Good balance is important to people of all ages, keeping you steady on your feet. Maintaining balance is especially important as you age, since falling can result in serious injury and loss of independence among older adults. By improving balance, you can increase your body's ability to control and maintain its position so you are less likely to fall.

Balance exercises are designed to improve your overall stability while also increasing lower body and core strength. The good news is that many balance exercises are easy to do, require no equipment and can be done almost anywhere.

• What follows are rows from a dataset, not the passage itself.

Lemma prod_sum3 (R : comPzSemiRingType) n (B X Y : finType)
    (g : 'I_n -> B -> X -> Y -> R) :
  \prod_i \sum_c \sum_x \sum_y g i c x y =
  \sum_(b : {ffun 'I_n -> B}) \sum_(f1 : {ffun 'I_n -> X})
    \sum_(f2 : {ffun 'I_n -> Y}) \prod_i g i (b i) (f1 i) (f2 i).
Proof.
rewrite (bigA_distr_bigA (fun i c => \sum_x \sum_y g i c x y)).
by apply: eq_bigr => b _; rewrite prod_sum2.
Qed.

Lemma sum_bool_split {V : nmodType} (f : bool -> bool * bool -> V) :
  \sum_(u : bool * bool) (f false u + f true u) =
  \sum_(c : bool) \sum_(x : bool) \sum_(y : bool) f c (x, y).
Proof.
rewrite big_split /= big_bool /= addrC.
by congr (_ + _); rewrite pair_bigA /=; apply: eq_bigr => -[].
Qed.

Lemma ord2_cases (p : 'I_2) : p = ord0 \/ p = ord_max.
Proof. by case: p => [[|[|]]] // ?; [left | right]; apply/val_inj. Qed.

Lemma sum_ord2 {V : nmodType} (F : 'I_2 -> V) :
  \sum_(i < 2) F i = F ord0 + F ord_max.
Proof. by rewrite big_ord_recr big_ord1; congr (F _ + _); apply/val_inj. Qed.

Lemma signed_ge0 (R : numDomainType) (t : R) :
  0 <= 1 + t -> 0 <= 1 - t -> forall k : nat, 0 <= 1 + (-1) ^+ k * t.
Proof.
move=> hp hm k; rewrite -signr_odd.
by case: (odd k); rewrite /= ?expr1 ?expr0 ?mulN1r ?mul1r.
Qed.

Section PhasePointOperators.
Variable C : numClosedFieldType.

Lemma tens_sum3 n (B X Y : finType) (g : 'I_n -> B -> X -> Y -> C)
    (M : 'I_n -> B -> X -> Y -> 'M[C]_2) :
  tens (fun i => \sum_c \sum_x \sum_y g i c x y *: M i c x y) =
  \sum_(b : {ffun 'I_n -> B}) \sum_(f1 : {ffun 'I_n -> X})
    \sum_(f2 : {ffun 'I_n -> Y})
      (\prod_i g i (b i) (f1 i) (f2 i)) *:
      tens (fun i => M i (b i) (f1 i) (f2 i)).
Proof.
apply/matrixP => r k.
transitivity (\prod_i \sum_c \sum_x \sum_y
                g i c x y * M i c x y (bitI i r) (bitI i k)).
  rewrite mxE; apply: eq_bigr => i _; rewrite summxE; apply: eq_bigr => c _.
  rewrite summxE; apply: eq_bigr => x _; rewrite summxE.
  by apply: eq_bigr => y _; rewrite mxE.
rewrite prod_sum3 summxE; apply: eq_bigr => b _; rewrite summxE.
apply: eq_bigr => f1 _; rewrite summxE; apply: eq_bigr => f2 _.
by rewrite !mxE -big_split.
Qed.

Lemma tens1 (M : 'I_1 -> 'M[C]_2) : tens M = M ord0.
Proof.
apply/matrixP => p q; rewrite mxE big_ord1.
have bitI0 (i : 'I_2) : bitI 0 i = i.
  by apply/val_inj; case: i => [[|[|]]] //= _; rewrite inordK.
by rewrite !bitI0.
Qed.

Definition phase1 (c ux uz : bool) : 'M[C]_2 :=
  2%:R^-1 *: \sum_(ax : bool) \sum_(az : bool)
     (-1) ^+ ((ux && az) + (uz && ax) + (c && ax && az))%N *: T1 C ax az.

Lemma phase1E c ux uz (p q : 'I_2) :
  phase1 c ux uz p q = 2%:R^-1 * \sum_(ax : bool) \sum_(az : bool)
     (-1) ^+ ((ux && az) + (uz && ax) + (c && ax && az))%N * T1 C ax az p q.
Proof.
rewrite !mxE summxE; congr (_ * _); apply: eq_bigr => ax _.
by rewrite summxE; apply: eq_bigr => az _; rewrite mxE.
Qed.

(* The frame function F_b is a sum of single-qubit frame functions, so the
   phase point operator A^{F_b}(u) factorizes as a tensor product. *)
Lemma Aop_Fb n (b : {ffun 'I_n -> bool}) (u : pt n) :
  Aop C (Fb b) u = tens (fun j => phase1 (b j) (u.1 j) (u.2 j)).
Proof.
apply/matrixP => r k; rewrite /Aop !mxE summxE.
under [RHS]eq_bigr do rewrite phase1E.
rewrite big_split /= prodr_const card_ord natrX exprVn; congr (_ * _).
rewrite prod_sum2 pair_bigA /=; apply: eq_bigr => -[a1 a2] _ /=.
rewrite mxE /Tn /tens mxE big_split /=; congr (_ * _).
rewrite exprD /Fb signr_odd /symp !expr_sum -big_split /=.
by apply: eq_bigr => j _; rewrite !exprD.
Qed.

(* The single-qubit frame functions 0 and a_x a_z are F_b for b = 0, 1, so
   their phase point operators are the operators phase1. *)
Lemma Aop_single (c : bool) (u : bool * bool) :
  Aop C (if c then Fxz else F0) (pt1 u) = phase1 c u.1 u.2.
Proof.
have -> : Aop C (if c then Fxz else F0) (pt1 u) =
          Aop C (Fb [ffun => c]) (pt1 u).
  congr (_ *: _); apply: eq_bigr => a _; congr ((-1) ^+ (_ + _)%N *: _).
  by rewrite /Fb big_ord1 ffunE; case: c => //=; rewrite oddb.
by rewrite Aop_Fb tens1 /= !ffunE.
Qed.

Lemma single_rep_sum (w : bool -> bool * bool -> C) :
  \sum_(u : bool * bool)
     (w false u *: Aop C F0 (pt1 u) + w true u *: Aop C Fxz (pt1 u)) =
  \sum_(c : bool) \sum_(x : bool) \sum_(y : bool) w c (x, y) *: phase1 c x y.
Proof.
rewrite -(sum_bool_split (fun c u => w c u *: phase1 c u.1 u.2)).
by under eq_bigr do rewrite (Aop_single false) (Aop_single true).
Qed.

Lemma product_rep n (rho : 'I_n -> 'M[C]_2)
    (w : 'I_n -> bool -> bool * bool -> C) :
  (forall i, single_rep (rho i) (w i)) ->
  nonneg_rep (Fb (n:=n)) (tens rho)
    (fun b u => \prod_(i < n) w i (b i) (u.1 i, u.2 i)).
Proof.
move=> rep; split.
- by move=> b; rewrite /frame_fun /Fb big1 // => i _; rewrite ffunE andbF.
- by move=> b u; apply: prodr_ge0 => i _; case: (rep i).
- transitivity (\prod_(i < n) \sum_c \sum_x \sum_y w i c (x, y)).
    rewrite prod_sum3; apply: eq_bigr => b _.
    by rewrite [RHS]pair_bigA; apply: eq_bigr => -[f1 f2].
  by rewrite big1 // => i _; case: (rep i) => _ <- _; rewrite sum_bool_split.
- transitivity
    (tens (fun i => \sum_c \sum_x \sum_y w i c (x, y) *: phase1 c x y)).
    apply/matrixP => r k; rewrite !mxE; apply: eq_bigr => i _.
    by case: (rep i) => _ _ ->; rewrite single_rep_sum.
  rewrite tens_sum3; apply: eq_bigr => b _; rewrite pair_bigA /=.
  by apply: eq_bigr => -[f1 f2] _; rewrite Aop_Fb.
Qed.
End PhasePointOperators.

Definition qubit_weight {R : numFieldType} (x y z : R) (c ux uz : bool) : R :=
  (1 + (-1) ^+ uz * x) * (1 + (-1) ^+ (ux + uz + c)%N * y) *
  (1 + (-1) ^+ ux * z) / 8%:R.

Section Weights.
Variables (R : numFieldType) (x y z : R).

Lemma qubit_weight_ge0 c ux uz :
  (forall k, 0 <= 1 + (-1) ^+ k * x) -> (forall k, 0 <= 1 + (-1) ^+ k * y) ->
  (forall k, 0 <= 1 + (-1) ^+ k * z) -> 0 <= qubit_weight x y z c ux uz.
Proof. by move=> hx hy hz; rewrite divr_ge0 ?ler0n // !mulr_ge0. Qed.

Lemma qubit_weight_sum :
  \sum_(c : bool) \sum_(ux : bool) \sum_(uz : bool)
    qubit_weight x y z c ux uz = 1.
Proof. by rewrite !big_bool /qubit_weight /=; field. Qed.

Lemma qubit_weight_phase (T : bool -> bool -> R) :
  \sum_(c : bool) \sum_(ux : bool) \sum_(uz : bool) qubit_weight x y z c ux uz *
    (2%:R^-1 * \sum_(ax : bool) \sum_(az : bool)
      (-1) ^+ ((ux && az) + (uz && ax) + (c && ax && az))%N * T ax az)
  = 2%:R^-1 *
    (T false false + x * T true false + y * T true true + z * T false true).
Proof. by rewrite !big_bool /qubit_weight /=; field. Qed.
End Weights.

Section SingleQubit.
Variable C : numClosedFieldType.

Lemma T1E ax az (p q : 'I_2) : T1 C ax az p q =
  'i ^+ (ax && az) * (if ax then (p != q)%:R else (p == q)%:R) *
  (if az then (-1) ^+ q else 1).
Proof.
rewrite /T1 mxE; case: ax; case: az; rewrite /= !mxE ?sum_ord2 ?mxE;
  case: (ord2_cases p) => ->; case: (ord2_cases q) => -> /=; ring.
Qed.

Definition blochX (sigma : 'M[C]_2) : C :=
  sigma ord0 ord_max + sigma ord_max ord0.
Definition blochY (sigma : 'M[C]_2) : C :=
  'i * (sigma ord0 ord_max - sigma ord_max ord0).
Definition blochZ (sigma : 'M[C]_2) : C :=
  sigma ord0 ord0 - sigma ord_max ord_max.

Definition row2 (v0 v1 : C) : 'rV[C]_2 := \row_(j < 2) [:: v0; v1]`_j.

Lemma row2_form (M : 'M[C]_2) v0 v1 :
  (row2 v0 v1 *m M *m adjmx (row2 v0 v1)) 0 0 =
  v0 * M ord0 ord0 * v0^* + v0 * M ord0 ord_max * v1^* +
  v1 * M ord_max ord0 * v0^* + v1 * M ord_max ord_max * v1^*.
Proof. by rewrite /adjmx /row2 !mxE !sum_ord2 !mxE !sum_ord2 !mxE /=; ring. Qed.

Lemma conjC_Ni : (- 'i)^* = 'i :> C.
Proof. by rewrite -conjCi conjCK. Qed.

Section DensityMatrix.
Variable sigma : 'M[C]_2.
Hypothesis tr1 : sigma ord0 ord0 + sigma ord_max ord_max = 1.

(* Identities between entries of sigma hold modulo the two relations
   tr sigma = 1 and i^2 = -1; this discharges them by ring normalization. *)
Lemma eq_mod_trace (K1 K2 E1 E2 : C) :
  E1 - E2 =
    K1 * (sigma ord0 ord0 + sigma ord_max ord_max - 1) + ('i ^+ 2 + 1) * K2 ->
  E1 = E2.
Proof.
rewrite tr1 subrr sqrCi addNr !mul0r mulr0 addr0 => /eqP.
by rewrite subr_eq0 => /eqP.
Qed.

Lemma bloch_decomposition :
  sigma = 2%:R^-1 *:
    (T1 C false false + blochX sigma *: T1 C true false +
     blochY sigma *: T1 C true true + blochZ sigma *: T1 C false true).
Proof.
apply/matrixP => p q; rewrite !(T1E, mxE) /= /blochX /blochY /blochZ.
set b := sigma ord0 ord_max - sigma ord_max ord0.
case: (ord2_cases p) => ->; case: (ord2_cases q) => -> /=.
- by apply: (eq_mod_trace 2^-1 0); rewrite /b; field.
- by apply: (eq_mod_trace 0 (2^-1 * b)); rewrite /b; field.
- by apply: (eq_mod_trace 0 (- (2^-1 * b))); rewrite /b; field.
- by apply: (eq_mod_trace 2^-1 0); rewrite /b; field.
Qed.

Hypothesis psd : forall v : 'rV[C]_2, 0 <= (v *m sigma *m adjmx v) 0 0.

Lemma ge0_mod_trace (K1 K2 : C) {E T : C} : 0 <= E ->
  T - E =
    K1 * (sigma ord0 ord0 + sigma ord_max ord_max - 1) + ('i ^+ 2 + 1) * K2 ->
  0 <= T.
Proof. by move=> hE /eq_mod_trace ->. Qed.

(* The Bloch coordinates of a density matrix lie in [-1, 1]: each bound is
   the positivity of v sigma v^dagger for a suitable test vector v. *)
Lemma blochX_bound k : 0 <= 1 + (-1) ^+ k * blochX sigma.
Proof.
apply: signed_ge0.
- apply: (ge0_mod_trace (-1) 0 (psd (row2 1 1))).
  by rewrite row2_form rmorph1 /blochX; ring.
- apply: (ge0_mod_trace (-1) 0 (psd (row2 1 (-1)))).
  by rewrite row2_form rmorphN rmorph1 /blochX; ring.
Qed.

Lemma blochY_bound k : 0 <= 1 + (-1) ^+ k * blochY sigma.
Proof.
apply: signed_ge0.
- apply: (ge0_mod_trace (-1) (sigma ord_max ord_max) (psd (row2 1 (- 'i)))).
  by rewrite row2_form rmorph1 conjC_Ni /blochY; ring.
- apply: (ge0_mod_trace (-1) (sigma ord_max ord_max) (psd (row2 1 'i))).
  by rewrite row2_form rmorph1 conjCi /blochY; ring.
Qed.

Lemma blochZ_bound k : 0 <= 1 + (-1) ^+ k * blochZ sigma.
Proof.
apply: signed_ge0.
- apply: (ge0_mod_trace (-1) 0 (addr_ge0 (psd (row2 1 0)) (psd (row2 1 0)))).
  by rewrite row2_form rmorph1 rmorph0 /blochZ; ring.
- apply: (ge0_mod_trace (-1) 0 (addr_ge0 (psd (row2 0 1)) (psd (row2 0 1)))).
  by rewrite row2_form rmorph1 rmorph0 /blochZ; ring.
Qed.
End DensityMatrix.

Lemma weighted_phase_sum (x y z : C) :
  \sum_(c : bool) \sum_(ux : bool) \sum_(uz : bool)
     qubit_weight x y z c ux uz *: phase1 C c ux uz =
  2%:R^-1 *: (T1 C false false + x *: T1 C true false +
              y *: T1 C true true + z *: T1 C false true).
Proof.
apply/matrixP => p q.
transitivity (\sum_(c : bool) \sum_(ux : bool) \sum_(uz : bool)
                qubit_weight x y z c ux uz * phase1 C c ux uz p q).
  rewrite summxE; apply: eq_bigr => c _; rewrite summxE; apply: eq_bigr => ux _.
  by rewrite summxE; apply: eq_bigr => uz _; rewrite mxE.
under eq_bigr do under eq_bigr do under eq_bigr do rewrite phase1E.
by rewrite (qubit_weight_phase _ _ _ _ (fun ax az => T1 C ax az p q)) !mxE.
Qed.

Lemma single_qubit_rep (sigma : 'M[C]_2) : density sigma ->
  exists w : bool -> bool * bool -> C, single_rep sigma w.
Proof.
case=> _ psd tr; have tr1 : sigma ord0 ord0 + sigma ord_max ord_max = 1.
  by rewrite -tr /mxtrace sum_ord2.
pose w c (u : bool * bool) :=
  qubit_weight (blochX sigma) (blochY sigma) (blochZ sigma) c u.1 u.2.
exists w; split.
- move=> c u; apply: qubit_weight_ge0;
    [exact: blochX_bound | exact: blochY_bound | exact: blochZ_bound].
- by rewrite (sum_bool_split w) qubit_weight_sum.
- by rewrite single_rep_sum weighted_phase_sum -bloch_decomposition.
Qed.
End SingleQubit.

Here are a few simple exercises that will improve balance and stability:

  • Sit to stand – Stand in front of a sturdy chair with your back to the chair. Slowly lower your hips to sit in the chair as gently as possible. Pause for a few moments and then push through your heels to stand up, without using your hands. 
  • Foot taps – Stand with your feet hip-width apart in front of a step. Slowly raise one foot to tap the step in front of you and then return foot to the floor. Perform 10-20 taps, then repeat with the other foot. 
  • Stand on one leg – Raise one leg off the ground, bending the raised leg against the standing leg so you look like a stork. Hold the position for as long as possible, then switch legs. Once this gets easy, try doing the exercise while standing on an unstable surface, like a pillow, or close your eyes.
  • Walk heel to toe – Place one foot directly in front of the other as you walk in a straight line, touching the heel of the front foot to the toes of the back foot. You can hold your arms out for balance, if needed, but eventually you'll be able to do it with arms at your sides.
  • Stretch – Stetching can help improve flexibility in your back, hips and lower body. Perform gentle stretches after performing other exercise, once your muscles are warmed up.

You may need to hold onto a chair or wall with one hand when you start doing these exercises, until you feel more balanced. As your balance improves, you should be able to progress to using only one finger for added stability and then not needing to hold on at all.

Another great way to improve your balance and stability is to practice Tai Chi. A 2015 study showed that older adults who practiced Tai Chi Chuan had better bilateral and postural balance than adults who practiced ballroom dancing over a period of several weeks. You may be able to find a beginner class at your local gym or senior center.